Le problème est vaste et profondément ancré. Un rapport de 2016 du Government Accountability Office a recensé des systèmes COBOL fonctionnant sur des ordinateurs centraux datant de 53 ans. Il s’agit notamment des systèmes utilisés pour traiter les données relatives au ministère des Anciens Combattants, au ministère de la Justice et à la Social Security Administration.

Pourquoi ne pas migrer et mettre à niveau, comme on le ferait normalement ?

La mise à niveau de ces systèmes anciens n’est pas aussi simple qu’il n’y paraît. Ces systèmes sont des points d’appui essentiels, fonctionnant 24 heures sur 24 et 7 jours sur 7, sur lesquels reposent les mondes financier, gouvernemental et commercial. Le code est ancien, à plusieurs niveaux et, souvent, mal, voire pas du tout documenté. De plus, il doit fonctionner, en permanence. Cette situation a été comparée à l’opération consistant à retirer les hélices d’un avion pour essayer de les remplacer par des moteurs à réaction, en plein vol.

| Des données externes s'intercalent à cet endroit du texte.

Lemma lin_fact_of_comp g s : geodesic g s -> is_comp (el g) (L s) ->
  is_lin_fact mul one X g s.
Proof.
move=> [ms s_ell s_g] [Ls2 _ Ls_int _ _]; rewrite size_map in Ls2 Ls_int.
split=> // i i_int si1; apply: (Ls_int i i_int).
by rewrite (nth_map one) ?si1 ?ell_one //; lia.
Qed.

Lemma Lmap_mono g y z : is_lin_fact mul one X g z -> fact_le mul y z ->
  comp_le (L y) (L z).
Proof.
move=> zf /(fact_leP mulA mul1l mul1r) [p pz ->].
have ps : sumn p = size z by case/andP: pz => _ /eqP.
rewrite (Lmap_coarsen (lin_fact_geodesic zf) ps).
by apply/comp_leP; exists p; rewrite ?size_map.
Qed.

Lemma Lmap_lift g z c : is_lin_fact mul one X g z -> is_comp (el g) c ->
  comp_le c (L z) -> exists w, [/\ is_lin_fact mul one X g w, fact_le mul w z & L w = c].
Proof.
move=> zf c_comp /comp_leP [p]; rewrite size_map => pz c_eq.
have ps : sumn p = size z by case/andP: pz => _ /eqP.
have gz := lin_fact_geodesic zf.
have Lw : L (coarsen mul one p z) = c by rewrite c_eq (Lmap_coarsen gz ps).
exists (coarsen mul one p z); split=> //; last exact: coarsen_fact_le.
by apply: lin_fact_of_comp; [exact: (geodesic_coarsen mulA mul1l gz ps) | rewrite Lw].
Qed.

Lemma Lmap_inj_down g x y z : is_lin_fact mul one X g x ->
  fact_le mul y x -> fact_le mul z x -> L y = L z -> y = z.
Proof.
move=> xf /(fact_leP mulA mul1l mul1r) [p px ->] /(fact_leP mulA mul1l mul1r) [q qx ->].
have gx := lin_fact_geodesic xf.
have sumn_size r : block_sizes r (size x) -> sumn r = size x by case/andP=> _ /eqP.
have Posz_inj : injective Posz by move=> m n [].
rewrite !LmapE => /(inj_map Posz_inj).
rewrite !(ell_coarsen mulA mul1l gx) ?sumn_size // => co_pq.
have -> // : p = q.
apply: (coarsen_inj _ _ _ co_pq); rewrite ?size_map //.
move=> i i_int; rewrite (nth_map one); last by lia.
exact: lin_fact_ell_gt0 xf i_int.
Qed.
(* An enabled process is never one lifted unit ahead of a neighbour: the
   neighbour's clock equals its own or its successor modulo M, which would
   force M to divide 1 or 2. *)
Lemma enabled_not_ahead (t : nat) (p q : V) : lifts t -> e q p ->
  enabled e M (gamma t) q -> L t q <> L t p + 1.
Proof.
move=> lift qp /(_ p qp) gp_eq ahead.
have lag := rpredB (lift q) (lift p); rewrite ahead in lag.
set gp := (gamma t p)%:Z in lag; set gq := (gamma t q)%:Z in lag.
case: gp_eq => gp_eq.
- apply: (@dvdz_small_absurd M 1); last exact: leq_trans M_ge3.
  have <- : L t p + 1 - gq - (L t p - gp) = 1%N%:Z by rewrite /gp gp_eq; ring.
  exact: lag.
- have succ : (M%:Z %| (gq + 1) - gp)%Z.
    by rewrite /gp gp_eq -modz_nat -addn1 PoszD dvdz_sub_modz.
  apply: (@dvdz_small_absurd M 2) => //.
  have <- : L t p + 1 - gq - (L t p - gp) + (gq + 1 - gp) = 2%N%:Z by ring.
  exact: rpredD.
Qed.

Lemma smooth_step (t : nat) : lifts t -> smooth e S base t -> smooth e S base t.+1.
Proof.
move=> lift sm p q pq; have [_ en _] := exec t; rewrite !lifted_clockS.
have qp : e q p by rewrite e_sym.
have := sm p q pq; have ahead := enabled_not_ahead lift qp.
case: (p \in S t); case q_in: (q \in S t) => sm_pq; try lia.
by have := ahead (en q q_in); lia.
Qed.

Lemma smooth_invariant : lifts 0 -> smooth e S base 0 -> forall t, smooth e S base t.
Proof.
move=> lift0 sm0 t; suff [] : lifts t /\ smooth e S base t by [].
elim: t => [|t [lt st]]; first by split.
by split; [exact: lifts_step | exact: smooth_step].
Qed.

End Invariant.

Theorem lemma2 (V : finType) (e : rel V) (M : nat)
    (gamma : nat -> V -> nat) (S : nat -> {set V})
    (delta0 : V -> V -> int) (p0 : V) (D : nat) :
  symmetric e -> irreflexive e -> (forall p q, connect e p q) ->
  (1 < #|V|)%N -> (3 <= M)%N ->
  (forall p, (gamma 0%N p < M)%N) ->
  execution e M gamma S -> fair S ->
  WU0 e M (gamma 0%N) -> delta_spec e M (gamma 0%N) delta0 ->
  (forall q, 0 <= delta0 p0 q) ->
  is_diameter e D ->
  forall k : int, (gamma 0%N p0)%:Z + D%:Z <= k ->
  exists C : V -> nat,
    (forall p,
       lifted_clock S (fun q => (gamma 0%N p0)%:Z + delta0 p0 q) (C p) p = k /\
       (forall t, lifted_clock S (fun q => (gamma 0%N p0)%:Z + delta0 p0 q) t p = k ->
                  (C p <= t)%N)) /\
    is_cut S C /\ coherent e S C.
Proof.
move=> e_sym _ e_conn _ M_ge3 _ exec fairS _ delta_ok _ diam k k_ge.
set base : V -> int := fun q => (gamma 0%N p0)%:Z + delta0 p0 q.
have M_gt0 : (0 < M)%N by apply: leq_trans M_ge3.
have lift0 : lifts M gamma S base 0.
  move=> p; rewrite /= /base.
  have -> : (gamma 0%N p0)%:Z + delta0 p0 p - (gamma 0%N p)%:Z
            = delta0 p0 p - ((gamma 0%N p)%:Z - (gamma 0%N p0)%:Z) by ring.
  exact (dvdz_delta delta_ok (e_conn p0 p)).
have smooth0 : smooth e S base 0.
  by move=> p q pq; rewrite /= /base -addrA lerD2l (delta_edge M_gt0 delta_ok (e_conn p0 p)).
have smooth_all := smooth_invariant M_ge3 e_sym exec lift0 smooth0.
have reach p : exists t, lifted_clock S base t p = k.
  apply: (lifted_clock_reaches fairS); apply: le_trans k_ge; rewrite /= /base lerD2l.
  exact (delta_le_diameter M_gt0 delta_ok diam (e_conn p0 p)).
have [C hit] := first_hit_exists reach.
exists C; split; first exact hit.
by split; [exact (first_hit_cut hit) | exact (first_hit_coherent smooth_all hit)].
Qed.
Definition lunit (u : laurent) : Prop :=
  exists k : int, forall n, lcoef u n = (n == k : nat).

Definition lirreducible (f : laurent) : Prop :=
  [/\ exists n, lcoef f n <> 0%N,
      ~ lunit f &
      forall g h : laurent, leqv f (lmul g h) -> lunit g \/ lunit h].

Definition supp_size (f : laurent) : nat := count (fun c : nat => c != 0%N) f.2.

Definition eval1 (f : laurent) : nat := (f.2).[1%N]%R.

From mathcomp Require Import all_boot all_algebra.
From mathcomp Require Import all_order zify ring lra.
Set Implicit Arguments. Unset Strict Implicit. Unset Printing Implicit Defensive.
Import Order.TTheory GRing.Theory Num.Theory.
Local Open Scope ring_scope.

(* Write f = x^k F with F(0) <> 0; the support condition forces t := deg F >= 1.
   Since F |-> F(1) is multiplicative and only monomials take the value 1, any G
   with G(1) prime is irreducible, so it suffices to split F = G + H with
   H(1) = m := F(1) - p and H irreducible.  We take H "lopsided": nonzero
   constant term, some coefficient equal to 1, and no two nonzero coefficients
   at positions i, j > 0 with i + j = deg H.  Such an H has no factorisation
   A B into nonconstant factors, because the coefficients of A B at deg A and
   at deg B are both nonzero.  To find H, remove 1 + x^t from F and sort the
   remaining coefficients by position below, at, or above t/2.  The lower bound
   on p gives 3 (m - 2) < F(1), so either one side carries mass m - 2, and H is
   1 + x^t plus part of that side, or the middle carries mass m - 1, and H is
   1 + (m - 1) x^(t/2). *)

Section NatPoly.
Implicit Types (F G H P Q R A B : {poly nat}).

Lemma horner1_eq0 P : P.[1%N] = 0%N -> P = 0.
Proof.
elim/poly_ind: P => [//|P c IH]; rewrite hornerMXaddC mulr1 => /eqP.
by rewrite addn_eq0 => /andP[/eqP/IH-> /eqP->]; rewrite mul0r add0r.
Qed.

Lemma horner1_eq1 P : P.[1%N] = 1%N -> P`_0 != 0%N -> P = 1.
Proof.
elim/poly_ind: P => [|P c _]; first by rewrite coef0.
rewrite hornerMXaddC coefD coefMX coefC /= mulr1 => P1 c0.
have [/horner1_eq0-> ->] : P.[1%N] = 0%N /\ c = 1%N by lia.
by rewrite mul0r add0r.
Qed.

Lemma poly_Xn_normal P : P != 0 ->
  exists v Q, P = 'X^v * Q /\ Q`_0 != 0%N.
Proof.
elim/poly_ind: P => [|P c IH]; first by rewrite eqxx.
have [-> nz|c0 _] := eqVneq c 0%N; last first.
  by exists 0%N, (P * 'X + c%:P); rewrite mul1r coefD coefMX coefC.
have /IH[v [Q [-> Q0]]] : P != 0 by apply: contraNneq nz => ->; rewrite mul0r add0r.
by exists v.+1, Q; rewrite addr0 exprS; split; [ring | ].
Qed.

Lemma count_nz_Xn_mul (v : nat) P :
  count (fun c : nat => c != 0%N) ('X^v * P) = count (fun c : nat => c != 0%N) P.
Proof.
have [->|P0] := eqVneq P 0; first by rewrite mulr0.
by rewrite mulrC polyseqMXn // -cat_nseq count_cat count_nseq mul0n.
Qed.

Outre le risque, l’argument économique en faveur d’une migration vers des systèmes modernes est également difficile à défendre. L’argent qui a été investi pour maintenir ces ordinateurs centraux et ces applications COBOL opérationnels est colossal. Les institutions doivent-elles tout abandonner et repartir de zéro, alors que le code COBOL est toujours en service et fonctionnel ? C’est un pas difficile à franchir pour une instance qui n’est peut-être pas particulièrement à l’aise avec la technologie. Une migration COBOL ne sera ni bon marché, ni rapide.

« Je viens de terminer une migration du COBOL vers Java », a déclaré Hinshaw. « Cela leur a pris quatre ans, et ils n’en sont toujours pas venus à bout. »

Lorsque la Commonwealth Bank of Australia a remplacé sa plateforme COBOL de base en 2012, il a fallu cinq ans, pour un coût final de 749,9 millions de dollars (1 milliard de dollars australiens).

Et ce, quand tout se passe comme prévu. Une banque britannique, TSB, a été contrainte de migrer d’un système basé sur COBOL en 2018 suite à un rachat. L’opération ne s’est pas déroulée sans encombre. La banque ayant été incapable d’effectuer des transactions pendant plusieurs jours, le coût de la migration a finalement atteint 330 millions de livres. Cette somme s’ajoutait au budget prévu pour les travaux d’ingénierie de la migration elle-même. TSB a également perdu 49,1 millions de livres à cause de fraudes financières, tandis que ses systèmes étaient en proie à des défaillances.

L’indemnisation des clients a dépassé 125 millions de livres et la banque a dû dépenser 122 millions de livres pour embaucher du nouveau personnel afin de traiter les 204 000 plaintes de clients. Le directeur général a démissionné et l’entreprise s’efforce toujours de réparer les dégâts deux ans après cet événement.

L’énigme du COBOL

La situation actuelle ne peut perdurer, mais la perspective de prendre des mesures n’est guère attrayante. Néanmoins, la seule façon d’améliorer la situation est d’effectuer des migrations contrôlées et prudentes vers des logiciels et du matériel modernes.

Pour réussir cette transition sans interruption, sans perte de données et sans temps d’arrêt, il faudra disposer d’une expertise moderne et de moyens financiers, ce qui représente 50 % de l’équation. L’autre moitié réside dans l’expertise et le temps nécessaires au COBOL. Malheureusement, ce sont précisément les deux ingrédients qui font le plus défaut.

Peut-être qu’une nouvelle génération de cow-boys du COBOL se lancera dans l’aventure.